American Civil War Union Brigadier General (1833-1882)

George Wheeler Schofield (September 20, 1833 - December 17, 1882) was an American Union brevet brigadier general during the period of the American Civil War. He received his appointment as brevet brigadier general dated to January 26, 1865.

George Wheeler Schofield was the brother of John McAllister Schofield who briefly served as Commander of the Army of the Frontier during the Civil War and as U.S. Secretary of War, Superintendent of the United States Military Academy, and Commanding General of the United States Army after the war. During the American Civil War, George Wheeler Schofield served as a lieutenant colonel in the Union Army. After the war, he served with the 41st Infantry and the 10th and 6th cavalries.

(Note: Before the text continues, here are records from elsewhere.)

(* Let $R$ be a principal ideal domain, $M$ a faithful primeful $R$-module having at least one prime submodule, $X=\mathrm{Spec}(M)$, $N$ an $R$-module, $K\le M$, and $U=X\setminus V(K)$. Then there exists $a\in R$ such that $\mathcal{A}(N,M)(U)\cong N_a$.
   Context: For a submodule $L$ of an $R$-module $M$, $(L:M)=\{r\in R\mid rM\subseteq L\}$. A submodule $P$ of $M$ is prime if $P\neq M$ and whenever $rm\in P$ ($r\in R$, $m\in M$) then $r\in (P:M)$ or $m\in P$. $\mathrm{Spec}(M)$ is the set of prime submodules. $M$ is faithful if $\mathrm{Ann}_R(M)=0$; primeful if $M=0$ or $\mathrm{Spec}(M)\to\mathrm{Spec}(R/\mathrm{Ann}(M))$, $P\mapsto(P:M)/\mathrm{Ann}(M)$, is surjective. For $L\le M$, $V(L)=\{P\in X\mid (P:M)\supseteq (L:M)\}$; these are the closed sets of the Zariski topology. For open $U\subseteq X$, $\mathrm{Supp}(U)=\{(P:M)\mid P\in U\}$. $\mathcal{A}(N,M)(U)$ is the $R$-module of families $(\gamma_{\mathfrak p})_{\mathfrak p\in\mathrm{Supp}(U)}\in\prod_{\mathfrak p\in\mathrm{Supp}(U)}N_{\mathfrak p}$ such that for each $Q\in U$ there exist an open neighbourhood $W\subseteq U$ of $Q$ and $s\in R$, $m\in N$ with $s\notin(P:M)$ and $\gamma_{(P:M)}=m/s$ for every $P\in W$. $N_a$ denotes the localization of $N$ at the multiplicative set $\{a^n\mid n\ge0\}$. *)

From HB Require Import structures.
From mathcomp Require Import all_boot all_order all_algebra.
Set Implicit Arguments. Unset Strict Implicit. Unset Printing Implicit Defensive.
Import GRing.Theory.
Local Open Scope ring_scope.

Section Defs.
Variable R : idomainType.

Definition is_ideal (I : R -> Prop) : Prop :=
  I 0 /\ (forall x y, I x -> I y -> I (x + y)) /\ (forall r x, I x -> I (r * x)).

Definition prime_ideal (p : R -> Prop) : Prop :=
  is_ideal p /\ ~ p 1 /\ (forall a b, p (a * b) -> p a \/ p b).

Definition PID : Prop :=
  forall I, is_ideal I -> exists a, forall x, I x <-> exists r, x = r * a.

Variable M : lmodType R.

Definition is_submodule (L : M -> Prop) : Prop :=
  L 0 /\ (forall x y, L x -> L y -> L (x + y)) /\ (forall r x, L x -> L (r *: x)).

Definition colon (L : M -> Prop) : R -> Prop := fun r => forall m, L (r *: m).

Definition prime_submodule (P : M -> Prop) : Prop :=
  is_submodule P /\ (exists m, ~ P m) /\
  (forall r m, P (r *: m) -> colon P r \/ P m).

Definition Ann : R -> Prop := fun r => forall m : M, r *: m = 0.

Definition faithful : Prop := forall r, Ann r -> r = 0.

(** primeful: M = 0, or P |-> (P:M)/Ann(M) is onto Spec(R/Ann(M)).
    Prime ideals of R/Ann(M) are written out as the prime ideals p of R
    containing Ann(M) (via p |-> p/Ann(M)); (P:M)/Ann(M) = p/Ann(M) iff
    (P:M) = p since (P:M) ⊇ Ann(M). *)
Definition primeful : Prop :=
  (forall m : M, m = 0) \/
  (forall p, prime_ideal p -> (forall r, Ann r -> p r) ->
     exists P, prime_submodule P /\ colon P = p).

Definition V (L : M -> Prop) : (M -> Prop) -> Prop :=
  fun P => prime_submodule P /\ (forall r, colon L r -> colon P r).

Definition zopen (W : (M -> Prop) -> Prop) : Prop :=
  exists L, is_submodule L /\
    forall P, W P <-> (prime_submodule P /\ ~ V L P).

Definition Supp (U : (M -> Prop) -> Prop) : (R -> Prop) -> Prop :=
  fun p => exists P, U P /\ colon P = p.

Variable N : lmodType R.

(** Localisation S^{-1} N at a multiplicative set S ⊆ R.
    An element of S^{-1}N is an equivalence class of pairs (m, s), s in S,
    represented as the set of its representatives. *)
Definition loc_equiv (S : R -> Prop) (x y : N * R) : Prop :=
  exists t, S t /\ t *: (y.2 *: x.1 - x.2 *: y.1) = 0.

Definition frac (S : R -> Prop) (m : N) (s : R) : N * R -> Prop :=
  fun x => S x.2 /\ loc_equiv S x (m, s).

Definition is_loc_elem (S : R -> Prop) (C : N * R -> Prop) : Prop :=
  exists m s, S s /\ C = frac S m s.

Definition loc_add (S : R -> Prop) (C1 C2 : N * R -> Prop) : N * R -> Prop :=
  fun x => exists m1 s1 m2 s2, C1 (m1, s1) /\ C2 (m2, s2) /\
             frac S (s2 *: m1 + s1 *: m2) (s1 * s2) x.

Definition loc_scale (S : R -> Prop) (r : R) (C : N * R -> Prop) : N * R -> Prop :=
  fun x => exists m s, C (m, s) /\ frac S (r *: m) s x.

Definition compl (p : R -> Prop) : R -> Prop := fun r => ~ p r.
Definition powers (a : R) : R -> Prop := fun r => exists n : nat, r = a ^+ n.

(** Families (gamma_p)_{p in Supp U} in prod_{p in Supp U} N_p, encoded as
    functions on ideals, taking the value "empty" outside Supp U. *)
Definition family := (R -> Prop) -> (N * R -> Prop).

Definition in_product (U : (M -> Prop) -> Prop) (g : family) : Prop :=
  forall p, (Supp U p -> is_loc_elem (compl p) (g p)) /\
            (~ Supp U p -> g p = (fun _ => False)).

Definition A_sections (U : (M -> Prop) -> Prop) (g : family) : Prop :=
  in_product U g /\
  forall Q, U Q -> exists W, zopen W /\ W Q /\ (forall P, W P -> U P) /\
    exists (s : R) (m : N), forall P, W P ->
      ~ colon P s /\ g (colon P) = frac (compl (colon P)) m s.

Definition fam_add (g1 g2 : family) : family :=
  fun p => loc_add (compl p) (g1 p) (g2 p).
Definition fam_scale (r : R) (g : family) : family :=
  fun p => loc_scale (compl p) r (g p).

Definition A_iso_loc (U : (M -> Prop) -> Prop) (a : R) : Prop :=
  exists phi : family -> (N * R -> Prop),
    (forall g, A_sections U g -> is_loc_elem (powers a) (phi g)) /\
    (forall g1 g2, A_sections U g1 -> A_sections U g2 -> phi g1 = phi g2 -> g1 = g2) /\
    (forall C, is_loc_elem (powers a) C -> exists g, A_sections U g /\ phi g = C) /\
    (forall g1 g2, A_sections U g1 -> A_sections U g2 ->
        phi (fam_add g1 g2) = loc_add (powers a) (phi g1) (phi g2)) /\
    (forall r g, A_sections U g -> phi (fam_scale r g) = loc_scale (powers a) r (phi g)).

End Defs.

(* Since R is a PID, (K : M) = (b) for some b, so U consists of the prime submodules P
   with b notin (P : M); as M is faithful and primeful every prime ideal of R is some
   (P : M), hence Supp U is the basic open set D(b) of Spec R.  Sending m / b^n to the
   family of its images in the N_p, p in D(b), gives the isomorphism N_b = A(N,M)(U),
   as for the structure sheaf of an affine scheme: injectivity because an element
   killed locally on D(b) is killed by a power of b; surjectivity because a section is
   locally of the form a / f, finitely many such D(f) cover D(b) (a power of b lies in
   the ideal generated by the f's), and after raising them to a common power the local
   fractions agree exactly and glue to a single fraction m / b^n.  The required
   radical property (e in every prime containing I implies e^n in I) is obtained from
   the ascending chain condition of a PID. *)

From Pilot Require Import Defs.
From mathcomp Require Import all_boot all_order all_algebra.
From mathcomp Require Import ring.
From Stdlib Require Import ClassicalEpsilon Classical FunctionalExtensionality PropExtensionality.
From Stdlib Require List.
(* re-imported so that [Defs.frac] shadows [fraction.frac] *)
Import Pilot.Defs.
Set Implicit Arguments. Unset Strict Implicit. Unset Printing Implicit Defensive.
Import GRing.Theory.
Local Open Scope ring_scope.

Definition multiplicative (R : idomainType) (S : R -> Prop) :=
  S 1 /\ forall x y, S x -> S y -> S (x * y).

Section Localization.
Variables (R : idomainType) (N : lmodType R).

Lemma loc_equivE (S : R -> Prop) (x y : N * R) :
  loc_equiv S x y <-> exists2 t, S t & (t * y.2) *: x.1 = (t * x.2) *: y.1.
Proof.
rewrite /loc_equiv; split=> [[t [St H]] | [t St H]]; exists t => //.
- by apply/eqP; rewrite -subr_eq0 -!scalerA -scalerBr H.
- by split=> //; apply/eqP; rewrite scalerBr !scalerA subr_eq0 H.
Qed.

Lemma loc_equiv_sub (S T : R -> Prop) (x y : N * R) :
  (forall r, S r -> T r) -> loc_equiv S x y -> loc_equiv T x y.
Proof. by move=> ST [t [St H]]; exists t; split=> //; apply: ST. Qed.

Variable S : R -> Prop.
Hypothesis mulS : multiplicative S.

Lemma loc_equiv_refl (x : N * R) : loc_equiv S x x.
Proof. by apply/loc_equivE; exists 1; [exact: mulS.1 | rewrite mulrC]. Qed.

Lemma loc_equiv_sym (x y : N * R) : loc_equiv S x y -> loc_equiv S y x.
Proof. by move/loc_equivE=> [t St H]; apply/loc_equivE; exists t. Qed.

Lemma loc_equiv_trans (x y z : N * R) : S y.2 ->
  loc_equiv S x y -> loc_equiv S y z -> loc_equiv S x z.
Proof.
move=> Sy /loc_equivE [t1 S1 H1] /loc_equivE [t2 S2 H2]; apply/loc_equivE.
exists (t1 * t2 * y.2); first by apply: mulS.2 => //; apply: mulS.2.
transitivity ((t2 * z.2) *: ((t1 * y.2) *: x.1)).
  by rewrite scalerA; congr (_ *: _); ring.
rewrite H1 scalerA.
transitivity ((t1 * x.2) *: ((t2 * z.2) *: y.1)).
  by rewrite scalerA; congr (_ *: _); ring.
by rewrite H2 scalerA; congr (_ *: _); ring.
Qed.

Lemma frac_self (m : N) s : S s -> frac S m s (m, s).
Proof. by move=> Ss; split=> //; apply: loc_equiv_refl. Qed.

Lemma frac_eqE (m m' : N) s s' : S s -> S s' ->
  frac S m s = frac S m' s' <-> loc_equiv S (m, s) (m', s').
Proof.
move=> Ss Ss'; split; first by move=> E; have := frac_self m Ss; rewrite E => -[].
move=> E; apply: functional_extensionality => x.
apply: propositional_extensionality; split=> -[Sx Ex]; split=> //.
- exact: (loc_equiv_trans (y := (m, s)) Ss Ex E).
- exact: (loc_equiv_trans (y := (m', s')) Ss' Ex (loc_equiv_sym E)).
Qed.

Lemma loc_equiv_add (m1 m2 m1' m2' : N) s1 s2 s1' s2' :
  loc_equiv S (m1', s1') (m1, s1) -> loc_equiv S (m2', s2') (m2, s2) ->
  loc_equiv S (s2' *: m1' + s1' *: m2', s1' * s2') (s2 *: m1 + s1 *: m2, s1 * s2).
Proof.
move=> /loc_equivE [t1 S1 /= H1] /loc_equivE [t2 S2 /= H2]; apply/loc_equivE.
exists (t1 * t2); first exact: mulS.2.
rewrite /= !scalerDr !scalerA.
have -> : (t1 * t2 * (s1 * s2) * s2') *: m1' = (t2 * s2 * s2') *: ((t1 * s1) *: m1').
  by rewrite scalerA; congr (_ *: _); ring.
have -> : (t1 * t2 * (s1 * s2) * s1') *: m2' = (t1 * s1 * s1') *: ((t2 * s2) *: m2').
  by rewrite scalerA; congr (_ *: _); ring.
by rewrite H1 H2 !scalerA; congr (_ *: _ + _ *: _); ring.
Qed.

Lemma loc_equiv_scale (r : R) (m m' : N) s s' :
  loc_equiv S (m', s') (m, s) -> loc_equiv S (r *: m', s') (r *: m, s).
Proof.
move=> /loc_equivE [t St /= H]; apply/loc_equivE; exists t => //=.
transitivity (r *: ((t * s) *: m')); first by rewrite !scalerA; congr (_ *: _); ring.
by rewrite H !scalerA; congr (_ *: _); ring.
Qed.

Lemma loc_add_frac (m1 m2 : N) s1 s2 : S s1 -> S s2 ->
  loc_add S (frac S m1 s1) (frac S m2 s2) = frac S (s2 *: m1 + s1 *: m2) (s1 * s2).
Proof.
move=> S1 S2; apply: functional_extensionality => x.
apply: propositional_extensionality; split.
- move=> [m1' [s1' [m2' [s2' [[/= S1' E1] [[/= S2' E2] Fx]]]]]].
  by rewrite (proj2 (frac_eqE _ _ (mulS.2 _ _ S1' S2') (mulS.2 _ _ S1 S2))
                    (loc_equiv_add E1 E2)) in Fx.
- by move=> Fx; exists m1, s1, m2, s2; do !split=> //; exact: loc_equiv_refl.
Qed.

Lemma loc_scale_frac r (m : N) s : S s ->
  loc_scale S r (frac S m s) = frac S (r *: m) s.
Proof.
move=> Ss; apply: functional_extensionality => x.
apply: propositional_extensionality; split.
- move=> [m' [s' [[/= Ss' E] Fx]]].
  by rewrite (proj2 (frac_eqE _ _ Ss' Ss) (loc_equiv_scale r E)) in Fx.
- by move=> Fx; exists m, s; split; first exact: frac_self.
Qed.

Lemma is_loc_elem_add (C1 C2 : N * R -> Prop) :
  is_loc_elem S C1 -> is_loc_elem S C2 -> is_loc_elem S (loc_add S C1 C2).
Proof.
move=> [m1 [s1 [S1 ->]]] [m2 [s2 [S2 ->]]]; rewrite loc_add_frac //.
by exists (s2 *: m1 + s1 *: m2), (s1 * s2); split=> //; apply: mulS.2.
Qed.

The Schofield Revolver, a .45-caliber Smith & Wesson revolver, was named after him. Schofield made modifications to the original Model 3 revolver, patented his locking system, and earned a payment on each gun that Smith & Wesson sold. His older brother John was the head of the Army Ordnance Board at the time, and this conflict-of-interest may have been the main reason for the Army's adoption of Schofield's revolver.

Schofield's wife Alma, sister of frontiersman Seth Bullock, died at Fort Sill on March 27, 1879. Schofield was promoted to the peacetime rank of lieutenant colonel of the 6th Cavalry in December 1881. He served in Arizona. On December 17, 1882, Schofield picked up one of his Schofield-patent revolvers while in his dress uniform and fatally shot himself with it. He was buried in the city cemetery of Freeport, Illinois.